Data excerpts
····················

Lemma normalize_cvec_entropy :
  w * vN_entropy (dephase (ketbra normalize_cvec)) =
  xlnx w + shannon (fun x : X => \sum_y sqnormc (g (x, y))).
Proof.
have [w_gt0|w_le0] := boolP (0 < w); last first.
  rewrite w_eq0 // mul0r xlnx0 add0r /shannon big1 ?oppr0 // => x _.
  by rewrite big1 ?xlnx0 // => y _; rewrite g_eq0 // sqnormc0.
rewrite /normalize_cvec w_gt0 entropy_dephase_ketbra /shannon mulrN mulr_sumr.
under eq_bigr => x _.
  rewrite (eq_bigr (fun y => sqnormc (g (x, y)) / w)) -?mulr_suml; last first.
    by move=> y _; rewrite amp_cvec_of sqnormcMr exprVn sqr_sqrtr ?ltW.
  rewrite mulr_xlnx_div ?sumr_ge0 // => [|y _]; last exact: sqnormc_ge0.
  over.
rewrite sumrB -mulr_suml -(sum_pair (fun t => sqnormc (g t))) -/w xlnxE.
by rewrite opprB addrC.
Qed.
End Normalize.

Lemma coh_values_slices (I K : finType) M (p : I -> R) (f : I -> K -> XY -> CC) :
  (forall i, 0 <= p i) -> \sum_i p i = 1 ->
  (forall i, \sum_k \sum_t sqnormc (f i k t) = 1) ->
  (forall u v, ent M u v = \sum_i (p i)%:C * \sum_k (f i k u * Num.conj (f i k v))) ->
  coh_values M (\sum_i p i * cond_shannon (fun k x => \sum_y sqnormc (f i k (x, y)))).
Proof.
move=> p_ge0 p_sum1 f_unit entM.
have [t0 _] : exists t0 : XY, True.
  have [i0 _|I0] := pickP (@predT I); last first.
    by move: p_sum1; rewrite big_pred0 // => /eqP; rewrite eq_sym oner_eq0.
  have [t0 _|XY0] := pickP (@predT XY); first by exists t0.
  move: (f_unit i0); rewrite big1 => [/eqP|k _]; last by rewrite big_pred0.
  by rewrite eq_sym oner_eq0.
pose w i k := \sum_t sqnormc (f i k t).
pose phi (ik : I * K) := normalize_cvec t0 (f ik.1 ik.2).
have value_eq :
    \sum_(ik : I * K) p ik.1 * w ik.1 ik.2 * vN_entropy (dephase (ketbra (phi ik))) =
    \sum_i p i * cond_shannon (fun k x => \sum_y sqnormc (f i k (x, y))).
  rewrite sum_pair; apply: eq_bigr => i _; rewrite mulr_sumr.
  apply: eq_bigr => k _ /=; rewrite -mulrA normalize_cvec_entropy.
  by rewrite -(sum_pair (fun t => sqnormc (f i k t))).
rewrite -value_eq; apply: coh_values_decomp => [ik||ik|u v].
- by rewrite mulr_ge0 ?sumr_ge0 // => t _; exact: sqnormc_ge0.
- rewrite sum_pair -p_sum1; apply: eq_bigr => i _ /=.
  by rewrite -mulr_sumr f_unit mulr1.
- exact: normalize_cvec_unit.
rewrite entM sum_pair; apply: eq_bigr => i _; rewrite mulr_sumr.
by apply: eq_bigr => k _; rewrite (normalize_cvec_outer t0) rmorphM !mulrA.
Qed.
End CoherenceValues.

····················

**TASK BRIEF**
For this exercise, restate each of the entries without any deviation.

**RESPONSE TO THE TASK**
Lemma normalize_cvec_entropy :
  w * vN_entropy (dephase (ketbra normalize_cvec)) =
  xlnx w + shannon (fun x : X => \sum_y sqnormc (g (x, y))).
Proof.
have [w_gt0|w_le0] := boolP (0 < w); last first.
  rewrite w_eq0 // mul0r xlnx0 add0r /shannon big1 ?oppr0 // => x _.
  by rewrite big1 ?xlnx0 // => y _; rewrite g_eq0 // sqnormc0.
rewrite /normalize_cvec w_gt0 entropy_dephase_ketbra /shannon mulrN mulr_sumr.
under eq_bigr => x _.
  rewrite (eq_bigr (fun y => sqnormc (g (x, y)) / w)) -?mulr_suml; last first.
    by move=> y _; rewrite amp_cvec_of sqnormcMr exprVn sqr_sqrtr ?ltW.
  rewrite mulr_xlnx_div ?sumr_ge0 // => [|y _]; last exact: sqnormc_ge0.
  over.
rewrite sumrB -mulr_suml -(sum_pair (fun t => sqnormc (g t))) -/w xlnxE.
by rewrite opprB addrC.
Qed.
End Normalize.

Lemma coh_values_slices (I K : finType) M (p : I -> R) (f : I -> K -> XY -> CC) :
  (forall i, 0 <= p i) -> \sum_i p i = 1 ->
  (forall i, \sum_k \sum_t sqnormc (f i k t) = 1) ->
  (forall u v, ent M u v = \sum_i (p i)%:C * \sum_k (f i k u * Num.conj (f i k v))) ->
  coh_values M (\sum_i p i * cond_shannon (fun k x => \sum_y sqnormc (f i k (x, y)))).
Proof.
move=> p_ge0 p_sum1 f_unit entM.
have [t0 _] : exists t0 : XY, True.
  have [i0 _|I0] := pickP (@predT I); last first.
    by move: p_sum1; rewrite big_pred0 // => /eqP; rewrite eq_sym oner_eq0.
  have [t0 _|XY0] := pickP (@predT XY); first by exists t0.
  move: (f_unit i0); rewrite big1 => [/eqP|k _]; last by rewrite big_pred0.
  by rewrite eq_sym oner_eq0.
pose w i k := \sum_t sqnormc (f i k t).
pose phi (ik : I * K) := normalize_cvec t0 (f ik.1 ik.2).
have value_eq :
    \sum_(ik : I * K) p ik.1 * w ik.1 ik.2 * vN_entropy (dephase (ketbra (phi ik))) =
    \sum_i p i * cond_shannon (fun k x => \sum_y sqnormc (f i k (x, y))).
  rewrite sum_pair; apply: eq_bigr => i _; rewrite mulr_sumr.
  apply: eq_bigr => k _ /=; rewrite -mulrA normalize_cvec_entropy.
  by rewrite -(sum_pair (fun t => sqnormc (f i k t))).
rewrite -value_eq; apply: coh_values_decomp => [ik||ik|u v].
- by rewrite mulr_ge0 ?sumr_ge0 // => t _; exact: sqnormc_ge0.
- rewrite sum_pair -p_sum1; apply: eq_bigr => i _ /=.
  by rewrite -mulr_sumr f_unit mulr1.
- exact: normalize_cvec_unit.
rewrite entM sum_pair; apply: eq_bigr => i _; rewrite mulr_sumr.
by apply: eq_bigr => k _; rewrite (normalize_cvec_outer t0) rmorphM !mulrA.
Qed.
End CoherenceValues.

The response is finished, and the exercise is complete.